EfficientViT-SAM

Property	Value
License	Apache 2.0
Paper	View Paper
Tags	Mask Generation, ONNX

What is efficientvit-sam?

EfficientViT-SAM is an innovative advancement in the Segment Anything Model (SAM) framework, designed to deliver high-performance segmentation without compromising accuracy. Developed by MIT-HAN-Lab, it offers multiple variants optimized for different use cases, from lightweight L0 to powerful XL1 models.

Implementation Details

The model comes in five variants (L0, L1, L2, XL0, XL1) supporting resolutions from 512x512 to 1024x1024. The smallest L0 variant contains 34.8M parameters while the largest XL1 variant scales up to 203.3M parameters. Performance metrics show impressive results, with the XL1 variant achieving 47.8 COCO mAP and 44.4 LVIS mAP.

Optimized for NVIDIA platforms including Jetson AGX Orin and A100 GPU
TensorRT implementation with fp16 support
Efficient architecture delivering high throughput (up to 762 images/s for L0)

Core Capabilities

Fast inference times (8.2ms to 37.2ms on Jetson Orin)
Automatic mask generation
Flexible deployment options with ONNX support
Scalable architecture for different performance requirements

Frequently Asked Questions

Q: What makes this model unique?

EfficientViT-SAM stands out for its optimized architecture that maintains high accuracy while significantly reducing inference time. It's particularly notable for achieving state-of-the-art performance on both COCO and LVIS benchmarks while offering various model sizes for different deployment scenarios.

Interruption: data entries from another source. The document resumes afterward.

(* Consider the weak GIC with power budgets $P_1,P_2$ and a weight $\mu>0$, and consider superposition schemes in which user $i$ transmits a sum of independent Gaussian public and private code-books with public power $P_i^{(public)}$ and private power $P_i^{(private)}$, subject to $P_i^{(public)}+P_i^{(private)}\le P_i$. If a scheme maximizes $R_{ws}=R_1+\mu R_2$ over all such schemes, then $P_1^{(public)}+P_1^{(private)}=P_1$ and $P_2^{(public)}+P_2^{(private)}=P_2$; i.e., the power budgets are fully used.
   Context: Two-user weak Gaussian interference channel with unit noise: $Y_1=X_1+\sqrt{a}X_2+Z_1$, $Y_2=\sqrt{b}X_1+X_2+Z_2$, $Z_1,Z_2\sim N(0,1)$ independent of the inputs, $0<a<1$, $0<b<1$. Public code-books are decoded at both receivers (rates must be decodable at both), private code-books only at their intended receiver after removing public ones, treating the other user's private signal as noise. $R_i$ is the total (public plus private) rate of user $i$. *)

From Stdlib Require Import Reals.
Open Scope R_scope.

Definition Cg (x : R) : R := ln (1 + x) / (2 * ln 2).

Record scheme := Scheme {
  Pc1 : R;  (* public power of user 1 *)
  Pp1 : R;  (* private power of user 1 *)
  Pc2 : R;  (* public power of user 2 *)
  Pp2 : R;  (* private power of user 2 *)
  Rc1 : R;  (* public rate of user 1 *)
  Rp1 : R;  (* private rate of user 1 *)
  Rc2 : R;  (* public rate of user 2 *)
  Rp2 : R   (* private rate of user 2 *)
}.

Definition R1 (s : scheme) : R := Rc1 s + Rp1 s.
Definition R2 (s : scheme) : R := Rc2 s + Rp2 s.

Definition Rws (mu : R) (s : scheme) : R := R1 s + mu * R2 s.

(* Feasibility for the weak GIC  Y1 = X1 + sqrt a X2 + Z1,
   Y2 = sqrt b X1 + X2 + Z2, unit noise, power budgets P1 P2.
   Receiver k jointly decodes both public code-books (a MAC), treating all
   private signals as noise; then, after removing the public ones, decodes
   its own private code-book treating the other user's private signal as
   noise. *)
Definition feasible (a b P1 P2 : R) (s : scheme) : Prop :=
  let N1 := 1 + Pp1 s + a * Pp2 s in
  let N2 := 1 + b * Pp1 s + Pp2 s in
  0 <= Pc1 s /\ 0 <= Pp1 s /\ 0 <= Pc2 s /\ 0 <= Pp2 s /\
  Pc1 s + Pp1 s <= P1 /\ Pc2 s + Pp2 s <= P2 /\
  0 <= Rc1 s /\ 0 <= Rp1 s /\ 0 <= Rc2 s /\ 0 <= Rp2 s /\
  Rc1 s <= Cg (Pc1 s / N1) /\
  Rc2 s <= Cg (a * Pc2 s / N1) /\
  Rc1 s + Rc2 s <= Cg ((Pc1 s + a * Pc2 s) / N1) /\
  Rc1 s <= Cg (b * Pc1 s / N2) /\
  Rc2 s <= Cg (Pc2 s / N2) /\
  Rc1 s + Rc2 s <= Cg ((b * Pc1 s + Pc2 s) / N2) /\
  Rp1 s <= Cg (Pp1 s / (1 + a * Pp2 s)) /\
  Rp2 s <= Cg (Pp2 s / (1 + b * Pp1 s)).

From Pilot Require Import Defs.
From Stdlib Require Import Reals Lra.
Open Scope R_scope.

(* Public powers never appear in a noise term: the public
   code-books are decoded first at both receivers and the private
   constraints only involve private powers.  Hence if user 1 leaves power
   unused, giving that slack to its public code-book strictly enlarges the
   four public-rate constraints involving user 1 (Cg is strictly increasing)
   and leaves all others untouched; the public rate of user 1 can then be
   raised by some eps > 0, strictly increasing R1 + mu R2.  So a maximizer
   uses the whole budget of user 1 ([budget1_full]).  For user 2 we do not
   repeat the argument: exchanging the roles of the two users ([swap]) maps
   feasible schemes of the channel (a, b, P1, P2) to feasible schemes of the
   channel (b, a, P2, P1) and turns R1 + mu R2 into mu (R1 + mu^-1 R2), so
   a maximizer stays a maximizer and [budget1_full] applies again. *)

Lemma Cg_lt x y : 0 <= x -> x < y -> Cg x < Cg y.
Proof.
  intros hx hxy. unfold Cg, Rdiv.
  assert (hln2 : 0 < ln 2) by (pose proof ln_lt_2; lra).
  apply Rmult_lt_compat_r.
  - apply Rinv_0_lt_compat; lra.
  - apply ln_increasing; lra.
Qed.

Lemma Cg_div_lt x y N : 0 <= x -> x < y -> 0 < N -> Cg (x / N) < Cg (y / N).
Proof.
  intros hx hxy hN. apply Cg_lt.
  - unfold Rdiv; apply Rmult_le_pos; [lra | left; apply Rinv_0_lt_compat; lra].
  - unfold Rdiv; apply Rmult_lt_compat_r; [apply Rinv_0_lt_compat; lra | lra].
Qed.

Lemma common_slack x1 y1 x2 y2 x3 y3 x4 y4 :
  x1 < y1 -> x2 < y2 -> x3 < y3 -> x4 < y4 ->
  exists eps, 0 < eps /\
    x1 + eps <= y1 /\ x2 + eps <= y2 /\ x3 + eps <= y3 /\ x4 + eps <= y4.
Proof.
  intros h1 h2 h3 h4.
  exists (Rmin (Rmin (y1 - x1) (y2 - x2)) (Rmin (y3 - x3) (y4 - x4))).
  pose proof (Rmin_l (y1 - x1) (y2 - x2)); pose proof (Rmin_r (y1 - x1) (y2 - x2)).
  pose proof (Rmin_l (y3 - x3) (y4 - x4)); pose proof (Rmin_r (y3 - x3) (y4 - x4)).
  pose proof (Rmin_l (Rmin (y1 - x1) (y2 - x2)) (Rmin (y3 - x3) (y4 - x4))).
  pose proof (Rmin_r (Rmin (y1 - x1) (y2 - x2)) (Rmin (y3 - x3) (y4 - x4))).
  split; [repeat apply Rmin_glb_lt; lra | lra].
Qed.

Lemma public_boost1 a b P1 P2 s D :
  0 <= a -> 0 < b -> feasible a b P1 P2 s ->
  0 < D -> Pc1 s + Pp1 s + D <= P1 ->
  exists eps, 0 < eps /\
    feasible a b P1 P2
      (Scheme (Pc1 s + D) (Pp1 s) (Pc2 s) (Pp2 s)
              (Rc1 s + eps) (Rp1 s) (Rc2 s) (Rp2 s)).
Proof.
  intros ha hb hs hD hbud.
  destruct s as [c1 p1 c2 p2 r1 q1 r2 q2]; unfold feasible in *; simpl in *.
  destruct hs as (hc1&hp1&hc2&hp2&_&hbud2&hr1&hq1&hr2&hq2&
                  hA1&hA2&hA12&hB1&hB2&hB12&hQ1&hQ2).
  assert (hN1 : 0 < 1 + p1 + a * p2) by nra.
  assert (hN2 : 0 < 1 + b * p1 + p2) by nra.
  destruct (common_slack r1 (Cg ((c1 + D) / (1 + p1 + a * p2)))
                         (r1 + r2) (Cg ((c1 + D + a * c2) / (1 + p1 + a * p2)))
                         r1 (Cg (b * (c1 + D) / (1 + b * p1 + p2)))
                         (r1 + r2) (Cg ((b * (c1 + D) + c2) / (1 + b * p1 + p2))))
    as (eps & heps & h1 & h2 & h3 & h4).
  - eapply Rle_lt_trans; [exact hA1 | apply Cg_div_lt; lra].
  - eapply Rle_lt_trans; [exact hA12 | apply Cg_div_lt; nra].
  - eapply Rle_lt_trans; [exact hB1 | apply Cg_div_lt; nra].
  - eapply Rle_lt_trans; [exact hB12 | apply Cg_div_lt; nra].
  - exists eps; split; [exact heps|].
    repeat split; lra.
Qed.

Lemma budget1_full a b P1 P2 mu s :
  0 <= a -> 0 < b -> feasible a b P1 P2 s ->
  (forall t, feasible a b P1 P2 t -> Rws mu t <= Rws mu s) ->
  Pc1 s + Pp1 s = P1.
Proof.
  intros ha hb hs hmax.
  assert (hbud : Pc1 s + Pp1 s <= P1) by (unfold feasible in hs; tauto).
  destruct (Rle_lt_or_eq_dec _ _ hbud) as [hlt | heq]; [exfalso | exact heq].
  destruct (public_boost1 a b P1 P2 s (P1 - Pc1 s - Pp1 s) ha hb hs)
    as (eps & heps & ht); [lra | lra |].
  pose proof (hmax _ ht) as hle.
  unfold Rws, Defs.R1, Defs.R2 in hle; simpl in hle; lra.
Qed.

Definition swap (s : scheme) : scheme :=
  Scheme (Pc2 s) (Pp2 s) (Pc1 s) (Pp1 s) (Rc2 s) (Rp2 s) (Rc1 s) (Rp1 s).

Lemma swap_involutive s : swap (swap s) = s.
Proof. now destruct s. Qed.

Lemma feasible_swap a b P1 P2 s :
  feasible a b P1 P2 s -> feasible b a P2 P1 (swap s).
Proof.
  destruct s as [c1 p1 c2 p2 r1 q1 r2 q2]; unfold feasible, swap; simpl.
  replace (1 + p2 + b * p1) with (1 + b * p1 + p2) by ring.
  replace (1 + a * p2 + p1) with (1 + p1 + a * p2) by ring.
  replace (c2 + b * c1) with (b * c1 + c2) by ring.
  replace (a * c2 + c1) with (c1 + a * c2) by ring.
  replace (r2 + r1) with (r1 + r2) by ring.
  tauto.
Qed.

Lemma Rws_swap mu s : 0 < mu -> Rws mu (swap s) = mu * Rws (/ mu) s.
Proof.
  intros hmu; unfold Rws, Defs.R1, Defs.R2, swap; simpl; field; lra.
Qed.

Lemma budget2_full a b P1 P2 mu s :
  0 < a -> 0 <= b -> 0 < mu -> feasible a b P1 P2 s ->
  (forall t, feasible a b P1 P2 t -> Rws mu t <= Rws mu s) ->
  Pc2 s + Pp2 s = P2.
Proof.
  intros ha hb hmu hs hmax.
  apply (budget1_full b a P2 P1 (/ mu) (swap s)); try lra.
  - now apply feasible_swap.
  - intros t ht.
    pose proof (hmax _ (feasible_swap _ _ _ _ _ ht)) as hle.
    rewrite <- (swap_involutive s), !Rws_swap in hle by lra.
    apply Rmult_le_reg_l with mu; lra.
Qed.

Theorem theorem1 (a b P1 P2 mu : R)
  (ha : 0 < a < 1) (hb : 0 < b < 1)
  (hP1 : 0 < P1) (hP2 : 0 < P2) (hmu : 0 < mu)
  (s : scheme) (hs : feasible a b P1 P2 s)
  (hmax : forall t : scheme, feasible a b P1 P2 t -> Rws mu t <= Rws mu s) :
  Pc1 s + Pp1 s = P1 /\ Pc2 s + Pp2 s = P2.
Proof.
  split.
  - apply (budget1_full a b P1 P2 mu s); [lra | lra | exact hs | exact hmax].
  - apply (budget2_full a b P1 P2 mu s); [lra | lra | exact hmu | exact hs | exact hmax].
Qed.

Q: What are the recommended use cases?

The model is ideal for real-time segmentation tasks, particularly in scenarios requiring high throughput or operating under resource constraints. The L0-L2 variants are suitable for edge devices and applications requiring 512x512 resolution, while XL0-XL1 variants are better for higher-resolution (1024x1024) applications requiring maximum accuracy.